MODELS_PATH = f"{ROOT_PATH}models/"
if os.path.exists(MODELS_PATH) == False:
    os.mkdir(MODELS_PATH)
if os.path.exists(csv_folder) == False:
    os.mkdir(csv_folder)
print('models available : ', os.listdir(MODELS_PATH))

def make_folder_for_model_name(model_name):
    model_path = f"{MODELS_PATH}/{model_name}/"
    if os.path.isdir(model_path) is False:
       print('creating a new folder for this model')
       os.mkdir(model_path)
    else:
       print('folder is already present for model')
    return model_path


def split_text(text, max_length=512):
    chunks = []
    for i in range(0, len(text), max_length):
        chunks.append(text[i:i+max_length])
    return chunks

models available :  []


## Load Model

In [5]:
model_name_or_path = "TheBloke/Llama-2-13B-chat-GGML"
model_basename = "llama-2-13b-chat.ggmlv3.q5_1.bin" # the model is in bin format
model_name = "Llama-2-13B-chat-GGML"

# model_name_or_path = "TheBloke/Llama-2-7B-Chat-GGML"
# model_basename = 'llama-2-7b-chat.ggmlv3.q4_1.bin'
# model_name = "Llama-2-7B-chat-GGML"

model_folder_in_drive = make_folder_for_model_name(model_name)
model_bin_path = f"{model_folder_in_drive}{model_basename}"

creating a new folder for this model


### Load Model with hf_hub_download api (HUGGINGFACE HUB)

In [7]:
from huggingface_hub import hf_hub_download
from llama_cpp import Llama

# In case we need to download model from HF. Model size is ~9.7GB
model_path = hf_hub_download(repo_id=model_name_or_path, filename=model_basename)

# save this model to path
command_to_transfer_model = f"""{model_path} '{model_folder_in_drive}'"""
! cp $command_to_transfer_model

Downloading (…)chat.ggmlv3.q5_1.bin:   0%|          | 0.00/9.76G [00:00<?, ?B/s]

In [8]:
print(f'{model_name_or_path} model is saved to -- {model_folder_in_drive} in your file system / google drive')

TheBloke/Llama-2-13B-chat-GGML model is saved to -- /content/models//Llama-2-13B-chat-GGML/ in your file system / google drive


### If you saved the bin file one time, you can update 'model_path' to local bin file directly

In [9]:
# GPU
lcpp_llm = None
lcpp_llm = Llama(
    model_path=model_path,
    n_threads=2, # CPU cores
    n_batch=512, # Should be between 1 and n_ctx, consider the amount of VRAM in your GPU.
    n_gpu_layers=32 # Change this value based on your model and your GPU VRAM pool.
    )

AVX = 1 | AVX2 = 1 | AVX512 = 0 | AVX512_VBMI = 0 | AVX512_VNNI = 0 | FMA = 1 | NEON = 0 | ARM_FMA = 0 | F16C = 1 | FP16_VA = 0 | WASM_SIMD = 0 | BLAS = 1 | SSE3 = 1 | VSX = 0 | 


## Model is loaded for action

### prompt - 1

In [12]:
prompt = "Who was 11th indian prime minister"
prompt_template=f'''SYSTEM: You are a helpful, respectful and honest assistant.
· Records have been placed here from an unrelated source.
Lemma qclassK x : R (qrepr (qclass x)) x.
Proof. by apply: qclass_eq; rewrite qreprK. Qed.

End PropQuotient.

(* A family with an action of injections that is functorial only up to a
   compatible equivalence becomes a presheaf after quotienting. *)
Section QuotientPresheaf.
Variables (Y : fsetN -> Type) (act : forall S T, Inj S T -> Y S -> Y T).
Variable R : forall S, Y S -> Y S -> Prop.
Hypothesis Rr : forall S (x : Y S), R x x.
Hypothesis Rs : forall S (x y : Y S), R x y -> R y x.
Hypothesis Rt : forall S (x y z : Y S), R x y -> R y z -> R x z.
Hypothesis R_act : forall S T (f : Inj S T) x y, R x y -> R (act f x) (act f y).
Hypothesis act_id : forall S (x : Y S), R (act (iid S) x) x.
Hypothesis act_comp : forall S T U (f : Inj S T) (g : Inj T U) x,
  R (act (icomp g f) x) (act g (act f x)).

Definition qpact S T (f : Inj S T) (q : quo (@R S)) : quo (@R T) :=
  qclass _ (act f (qrepr q)).

Lemma qpact_id S (q : quo (@R S)) : qpact (iid S) q = q.
Proof. by rewrite /qpact -{2}(qreprK q); apply: (eq_qclass (@Rs S) (@Rt S)). Qed.

Lemma qpact_comp S T U (f : Inj S T) (g : Inj T U) (q : quo (@R S)) :
  qpact (icomp g f) q = qpact g (qpact f q).
Proof.
apply: (eq_qclass (@Rs U) (@Rt U)); apply: Rt (act_comp f g _) _.
by apply/R_act/Rs; exact: qclassK.
Qed.

Definition quo_presheaf : presheaf := Build_presheaf qpact_id qpact_comp.

Lemma quo_presheaf_act S T (f : Inj S T) (y : Y S) :
  pact quo_presheaf f (qclass _ y) = qclass _ (act f y).
Proof. by apply: (eq_qclass (@Rs T) (@Rt T)); apply: R_act; exact: qclassK. Qed.

End QuotientPresheaf.

(** * Models and the monad of an adjunction *)

Lemma hmap_comp (A B C : fsetN -> Type) (f : forall s, B s -> C s)
  (g : forall s, A s -> B s) l (x : hprod A l) :
  hmap f (hmap g x) = hmap (fun s y => f s (g s y)) x.
Proof. by elim: l x => [|s l IH] x //=; rewrite IH. Qed.

Lemma eq_hmap (A B : fsetN -> Type) (f g : forall s, A s -> B s) l (x : hprod A l) :
  (forall s y, f s y = g s y) -> hmap f x = hmap g x.
Proof. by move=> efg; elim: l x => [|s l IH] x //=; rewrite IH efg. Qed.

Lemma hmap_id (A : fsetN -> Type) l (x : hprod A l) : hmap (fun s y => y) x = x.
Proof. by elim: l x => [|s l IH] [] //= a r; rewrite IH. Qed.

Fixpoint hrel (A : fsetN -> Type) (R : forall S, A S -> A S -> Prop) l :
  hprod A l -> hprod A l -> Prop :=
  match l return hprod A l -> hprod A l -> Prop with
  | [::] => fun _ _ => True
  | s :: l' => fun x y => R s x.1 y.1 /\ hrel R x.2 y.2
  end.
(* Let $p\in\mathbb N$, let $U_j\ne0$, $j=1,2,\dots$, be given numbers, and let numbers $F_j$, $j\ge -p$, satisfy $F_{-p}=\dots=F_p=1$ and $$U_j=\frac{F_{j-p-1}F_{j+p}}{F_{j-1}F_j},\qquad j=1,2,\dots.$$ Then $$F_j=\prod_{i=1}^j U_i^{\lfloor\frac{j-i}{p}\rfloor-\lfloor\frac{j-i}{p+1}\rfloor},\qquad j=1,2,\dots.$$ *)

From HB Require Import structures.
From mathcomp Require Import all_boot all_order all_algebra.
Set Implicit Arguments. Unset Strict Implicit. Unset Printing Implicit Defensive.

From mathcomp Require Import all_boot all_order all_algebra.
From mathcomp Require Import zify ring.
Import Order.TTheory GRing.Theory Num.Theory.
Local Open Scope ring_scope.

(* Write F_j as a product of powers U_i^(e(j-i)). The recurrence
   F_{j+p} F_{j-p-1} = U_j F_{j-1} F_j then asks for the exponent
   e(m) = floor(m/p) - floor(m/(p+1)), extended by 0 to m < 0, to satisfy
   e(m+p) + e(m-p-1) = [m = 0] + e(m-1) + e(m) for every integer m.
   The truncated quotient q_d(m) = floor(max(m,0)/d) obeys
   q_d(m+d) = q_d(m) + [m >= 0]; applying this twice with d = p and twice with
   d = p+1, all indicator terms cancel except [m >= 0] - [m >= 1] = [m = 0].
   Since e(m) = 0 for m < p, the initial values F_{-p} = ... = F_p = 1 fit,
   and induction on j concludes. *)

Definition pos_divz (m : int) (d : nat) : int :=
  if m is Posz n then (n %/ d)%N else 0.

Lemma pos_divzDd (m : int) (d : nat) :
  (0 < d)%N -> pos_divz (m + d%:Z) d = pos_divz m d + (0 <= m)%R%:R.
Proof.
move=> d_gt0; case: m => [n | n] /=.
  by rewrite -PoszD divnDr ?dvdnn // divnn d_gt0 PoszD.
case: (ltnP n d) => [lt_nd | le_dn].
  rewrite (_ : Negz n + d%:Z = (d - n.+1)%N) /=; last by lia.
  by rewrite divn_small ?addr0 //; lia.
by rewrite (_ : Negz n + d%:Z = Negz (n - d)) //; lia.
Qed.

Definition gap_exp (p : nat) (m : int) : int := pos_divz m p - pos_divz m p.+1.

Lemma gap_exp_small (p : nat) (m : int) : m < p%:Z -> gap_exp p m = 0.
Proof.
case: m => [n | n] lt_mp; rewrite /gap_exp //=.
by rewrite !divn_small ?subrr //; lia.
Qed.

Lemma gap_exp_rec (p : nat) (m : int) : (0 < p)%N ->
  gap_exp p (m + p%:Z) + gap_exp p (m - p%:Z - 1)
    = (m == 0)%R%:R + gap_exp p (m - 1) + gap_exp p m.
Proof.
move=> p_gt0; rewrite /gap_exp.
have divp := @pos_divzDd _ p p_gt0.
have divp1 := @pos_divzDd _ p.+1 (ltn0Sn p).
have a1 := divp m.
have a2 : pos_divz (m - 1) p = pos_divz (m - p%:Z - 1) p + (0 <= m - p%:Z - 1)%R%:R.
  by rewrite -divp; congr pos_divz; ring.
have b1 : pos_divz (m + p%:Z) p.+1 = pos_divz (m - 1) p.+1 + (0 <= m - 1)%R%:R.
  by rewrite -divp1; congr pos_divz; lia.
have b2 : pos_divz m p.+1 = pos_divz (m - p%:Z - 1) p.+1 + (0 <= m - p%:Z - 1)%R%:R.
  by rewrite -divp1; congr pos_divz; lia.
rewrite a1 a2 b1 b2; lia.
Qed.

Section ProductFormula.

Variables (R : fieldType) (U : nat -> R) (N : nat).
Hypothesis U_neq0 : forall i, (1 <= i)%N -> U i != 0.

Definition uprod (e : nat -> int) : R := \prod_(1 <= i < N.+1) U i ^ e i.

Lemma eq_uprod (e1 e2 : nat -> int) :
  (forall i, (1 <= i)%N -> e1 i = e2 i) -> uprod e1 = uprod e2.
Proof.
by move=> e12; apply: eq_big_nat => i /andP[i_ge1 _]; rewrite e12.
Qed.

Lemma uprodD (e1 e2 : nat -> int) :
  uprod (fun i => e1 i + e2 i) = uprod e1 * uprod e2.
Proof.
rewrite /uprod -big_split; apply: eq_big_nat => i /andP[i_ge1 _].
by rewrite expfzDr // U_neq0.
Qed.

Lemma uprod_eq1 (e : nat -> int) :
  (forall i, (1 <= i)%N -> e i = 0) -> uprod e = 1.
Proof.
by move=> e0; rewrite (@eq_uprod _ (fun=> 0)) // /uprod big1 // => i _.
Qed.

Lemma uprod_delta (j : nat) :
  (1 <= j <= N)%N -> uprod (fun i => (i == j)%:R) = U j.
Proof.
move=> j_range; rewrite /uprod (bigD1_seq j) ?iota_uniq ?mem_index_iota //=.
by rewrite eqxx expr1z big1 ?mulr1 // => i /negbTE->; rewrite expr0z.
Qed.

Lemma uprod_neq0 (e : nat -> int) : uprod e != 0.
Proof.
rewrite /uprod prodf_seq_neq0; apply/allP => i; rewrite mem_index_iota.
by case/andP=> i_ge1 _; rewrite expfz_neq0 ?U_neq0.
Qed.

Variables (p : nat) (F : int -> R).
Hypothesis p_gt0 : (0 < p)%N.
Hypothesis F_init : forall j : int, - (p%:Z) <= j <= p%:Z -> F j = 1.
Hypothesis U_def : forall j : nat, (1 <= j)%N ->
  U j = F (j%:Z - p%:Z - 1) * F (j%:Z + p%:Z) / (F (j%:Z - 1) * F j%:Z).

Lemma F_rec (j : nat) : (1 <= j)%N ->
  F (j%:Z + p%:Z) * F (j%:Z - p%:Z - 1) = U j * (F (j%:Z - 1) * F j%:Z).
Proof.
move=> j_ge1; have Uj_neq0 := @U_neq0 j j_ge1; rewrite U_def // in Uj_neq0 *.
have FF_neq0 : F (j%:Z - 1) * F j%:Z != 0.
  by apply: contraNneq Uj_neq0 => ->; rewrite invr0 mulr0.
by rewrite divfK // mulrC.
Qed.

(* [gap_exp p (n - i)] vanishes for [i > n], so the fixed range [1, N] is harmless. *)
Lemma F_uprod (n : int) : - (p%:Z) <= n <= N%:Z ->
  F n = uprod (fun i => gap_exp p (n - i%:Z)).
Proof.
move=> /andP[n_ge n_le].
have [k n_eq] : exists k : nat, n + p%:Z = k%:Z by exists (absz (n + p%:Z)); lia.
elim/ltn_ind: k n n_eq n_ge n_le => k IH n n_eq n_ge n_le.
have {}IH (m : int) :
    - (p%:Z) <= m < n -> F m = uprod (fun i => gap_exp p (m - i%:Z)).
  by case/andP=> m_ge m_lt; apply: (IH (absz (m + p%:Z))); lia.
have [n_le_p | n_gt_p] := lerP n p%:Z.
  rewrite F_init ?n_ge // uprod_eq1 // => i i_ge1.
  by apply: gap_exp_small; lia.
have [j n_def] : exists j : nat, n = j%:Z + p%:Z by exists (absz (n - p%:Z)); lia.
have j_ge1 : (1 <= j)%N by lia.
apply: (mulIf (uprod_neq0 (fun i => gap_exp p (j%:Z - p%:Z - 1 - i%:Z)))).
rewrite -IH; last lia.
rewrite n_def F_rec // !IH; [|lia..].
rewrite -uprod_delta; last lia.
rewrite -!uprodD; apply: eq_uprod => i _.
have := @gap_exp_rec p (j%:Z - i%:Z) p_gt0; rewrite subr_eq0 eqz_nat eq_sym.
rewrite (_ : j%:Z - i%:Z + p%:Z = j%:Z + p%:Z - i%:Z); last by ring.
rewrite (_ : j%:Z - i%:Z - p%:Z - 1 = j%:Z - p%:Z - 1 - i%:Z); last by ring.
rewrite (_ : j%:Z - i%:Z - 1 = j%:Z - 1 - i%:Z); last by ring.
by move=> ->; rewrite addrA.
Qed.

End ProductFormula.

Theorem proposition5 (R : fieldType) (p : nat) (U : nat -> R) (F : int -> R) :
  (0 < p)%N ->
  (forall j : nat, (1 <= j)%N -> U j != 0) ->
  (forall j : int, - (p%:Z) <= j <= p%:Z -> F j = 1) ->
  (forall j : nat, (1 <= j)%N ->
     U j = F (j%:Z - p%:Z - 1) * F (j%:Z + p%:Z) / (F (j%:Z - 1) * F j%:Z)) ->
  forall j : nat, (1 <= j)%N ->
    F j%:Z = \prod_(1 <= i < j.+1)
               U i ^ (((j - i) %/ p)%N%:Z - ((j - i) %/ p.+1)%N%:Z).
Proof.
move=> p_gt0 U_neq0 F_init U_def j j_ge1.
rewrite (@F_uprod R U j U_neq0 p F p_gt0 F_init U_def); last lia.
by apply: eq_big_nat => i /andP[_ i_le_j]; rewrite subzn.
Qed.
Lemma two_cherries_reducible (S : {set T}) x1 z1 y1 x2 z2 y2 :
  cherry x1 z1 y1 -> cherry x2 z2 y2 ->
  [set x1; z1; y1] :|: [set x2; z2; y2] \subset S ->
  [disjoint [set x1; z1; y1] & [set x2; z2; y2]] -> ~~ e z1 z2 -> reducible S.
Proof.
set C1 := [set x1; z1; y1]; set C2 := [set x2; z2; y2].
move=> c1 c2 CS dis nz; exists (C1 :|: C2); split=> //.
  by apply/set0Pn; exists x1; rewrite !inE eqxx.
move=> [s [k [ms ck bound]]]; set S' := S :\: (C1 :|: C2).
have [C1S C2S] : C1 \subset S /\ C2 \subset S by apply/andP; rewrite -subUset.
have m2 : odd_model (C2 :|: S') (Cherry x2 z2 y2 :: s).
  apply: (odd_model_cons ms (subsetUr _ _)) => //; first exact: subsetUl.
  exact: disjoint_setD (subsetUr _ _).
exists (Cherry x1 z1 y1 :: Cherry x2 z2 y2 :: s), k.+3; split; last by rewrite /=; lia.
- apply: (odd_model_cons m2) => //; first by rewrite subUset C2S subsetDl.
  by rewrite disjointsU dis disjoint_setD // subsetUl.
- case/and4P: c1 c2 => _ _ n1 _ /and4P[_ _ n2 _].
  have := colorable_onU (colorable_onU (colorable_onU ck (independent2 n1))
    (independent2 n2)) (independent2 nz).
  apply: colorable_onS; apply/subsetP=> u uS; rewrite !inE uS andbT.
  by do !case: (_ == _).
Qed.

Lemma cherry_dominating_reducible (S : {set T}) x z y u :
  cherry x z y -> [set x; z; y] \subset S -> u \in S :\: [set x; z; y] ->
  dominates (S :\: [set x; z; y]) u -> reducible S.
Proof.
set C := [set x; z; y]; move=> xzy CS /setDP[uS uC] udom.
exists (u |: C); split; first by rewrite subUset sub1set uS.
  by apply/set0Pn; exists u; rewrite !inE eqxx.
move=> [s [k [ms ck bound]]]; set S' := S :\: (u |: C).
have m1 : odd_model (C :|: S') (Cherry x z y :: s).
  apply: (odd_model_cons ms (subsetUr _ _)) => //; first exact: subsetUl.
  exact: disjoint_setD (subsetUr _ _).
exists (Vertex u :: Cherry x z y :: s), k.+3; split; last by rewrite /=; lia.
- apply: (odd_model_cons m1) => //.
  + by rewrite subUset CS subsetDl.
  + by rewrite sub1set uS.
  + by rewrite disjoints1 in_setU (negbTE uC) /= !inE eqxx.
  move=> w /(singles_sub ms)/setDP[wS]; rewrite in_setU1 negb_or => /andP[wu wC].
  by apply: udom; rewrite // in_setD wC.
- case/and4P: xzy => _ _ nxy _.
  have := colorable_onU (colorable_onU (colorable_onU ck (independent2 nxy))
    (independent1 z)) (independent1 u).
  apply: colorable_onS; apply/subsetP=> w wS; rewrite !inE wS andbT.
  by do !case: (_ == _).
Qed.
Always answer as helpfully.

USER: {prompt}

ASSISTANT:
'''
response = lcpp_llm(prompt=prompt_template,
                    max_tokens=256,
                    temperature=0.5,
                    top_p=0.95,
                    repeat_penalty=1.2,
                    top_k=150,
                    echo=True)

response

{'id': 'cmpl-d1c80041-a9c2-4058-a502-8c6af164a8b1',
 'object': 'text_completion',
 'created': 1696926448,
 'model': '/root/.cache/huggingface/hub/models--TheBloke--Llama-2-13B-chat-GGML/snapshots/3140827b4dfcb6b562cd87ee3d7f07109b014dd0/llama-2-13b-chat.ggmlv3.q5_1.bin',
 'choices': [{'text': 'SYSTEM: You are a helpful, respectful and honest assistant. Always answer as helpfully.\n\nUSER: Who was 11th indian prime minister\n\nASSISTANT:\nThe 11th Prime Minister of India was Manmohan Singh. He served from 2004 to 2014, leading the country through a period of rapid economic growth and social reform. Prior to his tenure as Prime Minister, Dr. Singh held various positions in government and academia, including serving as Finance Minister under Prime Minister Rajiv Gandhi.',
   'index': 0,
   'logprobs': None,
   'finish_reason': 'stop'}],
 'usage': {'prompt_tokens': 43, 'completion_tokens': 80, 'total_tokens': 123}}

In [15]:
print(response["choices"][0]["text"])

SYSTEM: You are a helpful, respectful and honest assistant. Always answer as helpfully.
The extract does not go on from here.